Lemma is_derive_affine m p (M N : 'M[R]_(m, p)) (t : R) :
  is_derive t 1 (fun s : R => M + s *: N) N.
Proof.
rewrite -[X in is_derive _ _ X _]/(cst M + (fun s : R => s *: N)).
apply: is_derive_eq (is_deriveD (is_derive_cst M t 1) (is_derive_scalel N t)) _.
exact: add0r.
Qed.

Lemma derive_mulmx_const_eq0 m p q (A : R -> 'M[R]_(m, p))
    (B : R -> 'M[R]_(p, q)) (t : R) (dA : 'M[R]_(m, p)) (dB : 'M[R]_(p, q)) C :
  is_derive t 1 A dA -> is_derive t 1 B dB -> (forall s, A s *m B s = C) ->
  dA *m B t + A t *m dB = 0.
Proof.
move=> dAt dBt ABC.
rewrite -(derive_val (is_derive := is_derive_mulmx dAt dBt)).
by under eq_fun do rewrite ABC; exact: derive_cst.
Qed.

(* [invmx] is the identity on singular matrices, so invertibility is needed
   at every [s] for the entries to be rational functions of [s]. *)
Lemma derivable_invmx_poly n (P : 'M[{poly R}]_n) (t : R) :
  (forall s : R, map_mx (horner_eval s) P \in unitmx) ->
  derivable (fun s : R => invmx (map_mx (horner_eval s) P)) t 1.
Proof.
move=> Punit; apply/derivable_mxP => i j.
have -> : (fun s : R => invmx (map_mx (horner_eval s) P) i j) =
    ((fun s : R => ((\det P).[s])^-1) * horner (\adj P i j))%R.
  by apply/funext => s; rewrite /invmx Punit mxE det_map_mx -map_mx_adj mxE.
apply: derivableM; last exact: derivable_horner.
apply: derivableV; last exact: derivable_horner.
by have := Punit t; rewrite unitmxE det_map_mx unitfE.
Qed.

End MatrixDerivative.

Lemma row_dot_self_eq0 (R : realDomainType) n (v : 'rV[R]_n) :
  v *m v^T = 0 -> v = 0.
Proof.
move=> /matrixP/(_ 0 0); rewrite !mxE => vv0.
have /psumr_eq0P v2_eq0 : \sum_(k < n) v 0 k ^+ 2 = 0.
  by rewrite -[RHS]vv0; apply: eq_bigr => k _; rewrite mxE expr2.
apply/rowP => k; apply/eqP; rewrite mxE -sqrf_eq0 v2_eq0 // => l _.
exact: sqr_ge0.
Qed.

Section Cayley.
Variables (R : realType) (n : nat) (W : 'M[R]_n).
Hypothesis W_skew : W^T = - W.

Lemma skew_form_eq0 (v : 'rV[R]_n) : v *m W *m v^T = 0.
Proof.
set w := v *m W *m v^T.
have wN : w^T = - w by rewrite /w !trmx_mul trmxK W_skew mulNmx mulmxN mulmxA.
apply/matrixP => i j; rewrite !ord1 mxE.
have /matrixP/(_ 0 0) := wN; rewrite !mxE => /eqP.
by rewrite -addr_eq0 -mulr2n mulrn_eq0 /= => /eqP.
Qed.

Lemma unitmx_1_sub_skew (s : R) : 1%:M - s *: W \in unitmx.
Proof.
rewrite -row_free_unit; apply/inj_row_free => v.
rewrite mulmxBr mulmx1 => /eqP; rewrite subr_eq0 => /eqP v_eq.
apply: row_dot_self_eq0.
by rewrite {1}v_eq -scalemxAr -scalemxAl skew_form_eq0 scaler0.
Qed.

Definition cayley (s : R) : 'M[R]_n :=
  (1%:M + s *: W) *m invmx (1%:M - s *: W).

Lemma cayley_orthogonal s : is_orthogonal_mx (cayley s).
Proof.
set a := s *: W.
have Aunit : 1%:M - a \in unitmx := unitmx_1_sub_skew s.
have Punit : 1%:M + a \in unitmx.
  by have := unitmx_1_sub_skew (- s); rewrite scaleNr opprK.
have PT : (1%:M + a)^T = 1%:M - a.
  by rewrite linearD /= linearZ /= trmx1 W_skew scalerN.
have AT : (1%:M - a)^T = 1%:M + a by rewrite -PT trmxK.
have PA : (1%:M + a) *m (1%:M - a) = (1%:M - a) *m (1%:M + a).
  rewrite mulmxDl mulmxBl !mul1mx mulmxBr mulmxDr !mulmx1.
  by rewrite addrA subrK opprD addrA addrK.
rewrite /is_orthogonal_mx /cayley -/a trmx_mul PT trmx_inv AT !mulmxA.
by rewrite -[invmx _ *m _ *m _]mulmxA -PA !mulmxA mulVmx // mul1mx mulmxV.
Qed.

Lemma cayley0 : cayley 0 = 1%:M.
Proof. by rewrite /cayley scale0r addr0 subr0 invmx1 mulmx1. Qed.

Lemma is_derive_cayley0 : is_derive (0 : R) 1 cayley (W *+ 2).
Proof.
pose A (s : R) := 1%:M - s *: W.
pose B (s : R) := invmx (A s).
have A_poly s : A s = map_mx (horner_eval s) (1%:M - 'X *: map_mx polyC W).
  by apply/matrixP => i j; rewrite !mxE /horner_eval !(hornerE, hornerMn).
have dA : is_derive (0 : R) 1 A (- W).
  by rewrite /A; under eq_fun do rewrite -scalerN; exact: is_derive_affine.
have dB : is_derive (0 : R) 1 B ('D_1 B 0).
  apply: derivableP; rewrite /B; under eq_fun do rewrite A_poly.
  by apply: derivable_invmx_poly => s; rewrite -A_poly unitmx_1_sub_skew.
have A0 : A 0 = 1%:M by rewrite /A scale0r subr0.
have B0 : B 0 = 1%:M by rewrite /B A0 invmx1.
have DB0 : 'D_1 B 0 = W.
  have := derive_mulmx_const_eq0 dA dB (fun s => mulmxV (unitmx_1_sub_skew s)).
  by rewrite A0 B0 mulmx1 mul1mx => /eqP; rewrite addrC subr_eq0 => /eqP.
have := is_derive_mulmx (is_derive_affine 1%:M W 0) dB.
by rewrite B0 DB0 scale0r addr0 mulmx1 mul1mx.
Qed.

End Cayley.

Lemma exists_orthogonal_curve (R : realType) n (Om : 'M[R]_n) : Om^T = - Om ->
  exists Q : R -> 'M[R]_n,
    [/\ forall s, is_orthogonal_mx (Q s), Q 0 = 1%:M
       & is_derive (0 : R) 1 Q Om].
Proof.
move=> Om_skew; pose W := 2^-1 *: Om.
have W_skew : W^T = - W by rewrite /W linearZ /= Om_skew scalerN.
exists (cayley W); split; [exact: cayley_orthogonal | exact: cayley0 |].
have -> : Om = W *+ 2.
  by rewrite /W -scaler_nat scalerA mulrC mulVf ?scale1r ?pnatr_eq0.
exact: is_derive_cayley0.
Qed.

Section OrthogonalMatrix.
Variables (R : realType) (n : nat).
Implicit Types V A B Y : 'M[R]_n.

Lemma orthogonal_mulmx V W : is_orthogonal_mx V -> is_orthogonal_mx W ->
  is_orthogonal_mx (V *m W).
Proof.
rewrite /is_orthogonal_mx => VV WW.
by rewrite trmx_mul mulmxA -(mulmxA _ _ V) VV mulmx1.
Qed.

Lemma orthogonal_conj_mul V A B : is_orthogonal_mx V ->
  V *m A *m V^T *m (V *m B *m V^T) = V *m (A *m B) *m V^T.
Proof. by move=> VV; rewrite !mulmxA -(mulmxA _ V^T) VV mulmx1. Qed.

Lemma orthogonal_conj_add1 V A : is_orthogonal_mx V ->
  V *m A *m V^T + 1%:M = V *m (A + 1%:M) *m V^T.
Proof. by move=> VV; rewrite mulmxDr mulmxDl mulmx1 (mulmx1C VV). Qed.

Lemma orthogonal_frame_change V Y Y' A B : is_orthogonal_mx V ->
  V^T *m (Y *m (V *m A *m V^T) + (V *m B *m V^T) *m Y') *m V =
  (V^T *m Y *m V) *m A + B *m (V^T *m Y' *m V).
Proof.
move=> VV; rewrite mulmxDr mulmxDl; congr (_ + _).
  by rewrite -!mulmxA VV mulmx1 !mulmxA.
by rewrite !mulmxA VV mul1mx.
Qed.

Lemma orthogonal_velocity_skew (V : R -> 'M[R]_n) (t : R) :
  (forall s, is_orthogonal_mx (V s)) -> derivable V t 1 ->
  ((V t)^T *m 'D_1 V t)^T = - ((V t)^T *m 'D_1 V t).
Proof.
move=> VV /derivableP dV; apply/eqP; rewrite -addr_eq0 trmx_mul trmxK.
by rewrite (derive_mulmx_const_eq0 (is_derive_trmx dV) dV VV).
Qed.

End OrthogonalMatrix.

Lemma frob_conj (R : realType) d n (V : 'M[R]_n) (A Z : 'I_d -> 'M[R]_n) :
  frob (fun k => V *m A k *m V^T) Z = frob A (fun k => V^T *m Z k *m V).
Proof.
have frob_tr (M N : 'M[R]_n) :
    \sum_(i < n) \sum_(j < n) M i j * N i j = \tr (M^T *m N).
  rewrite /mxtrace exchange_big; apply: eq_bigr => j _; rewrite mxE.
  by apply: eq_bigr => i _; rewrite mxE.
apply: eq_bigr => k _; rewrite !frob_tr !trmx_mul !trmxK.
by rewrite -[in LHS]mulmxA (mxtrace_mulC V) !mulmxA.
Qed.

Section Flag.
Variables (R : realType) (d n : nat) (ns : 'I_d -> nat).
Local Notation J := (@Jmx R d n ns).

:::::

Please output only the lines from the first line of the entries through the line with "(* [invmx] is", both included, exactly as written.

Lemma is_derive_affine m p (M N : 'M[R]_(m, p)) (t : R) :
  is_derive t 1 (fun s : R => M + s *: N) N.
Proof.
rewrite -[X in is_derive _ _ X _]/(cst M + (fun s : R => s *: N)).
apply: is_derive_eq (is_deriveD (is_derive_cst M t 1) (is_derive_scalel N t)) _.
exact: add0r.
Qed.

Lemma derive_mulmx_const_eq0 m p q (A : R -> 'M[R]_(m, p))
    (B : R -> 'M[R]_(p, q)) (t : R) (dA : 'M[R]_(m, p)) (dB : 'M[R]_(p, q)) C :
  is_derive t 1 A dA -> is_derive t 1 B dB -> (forall s, A s *m B s = C) ->
  dA *m B t + A t *m dB = 0.
Proof.
move=> dAt dBt ABC.
rewrite -(derive_val (is_derive := is_derive_mulmx dAt dBt)).
by under eq_fun do rewrite ABC; exact: derive_cst.
Qed.

(* [invmx] is the identity on singular matrices, so invertibility is needed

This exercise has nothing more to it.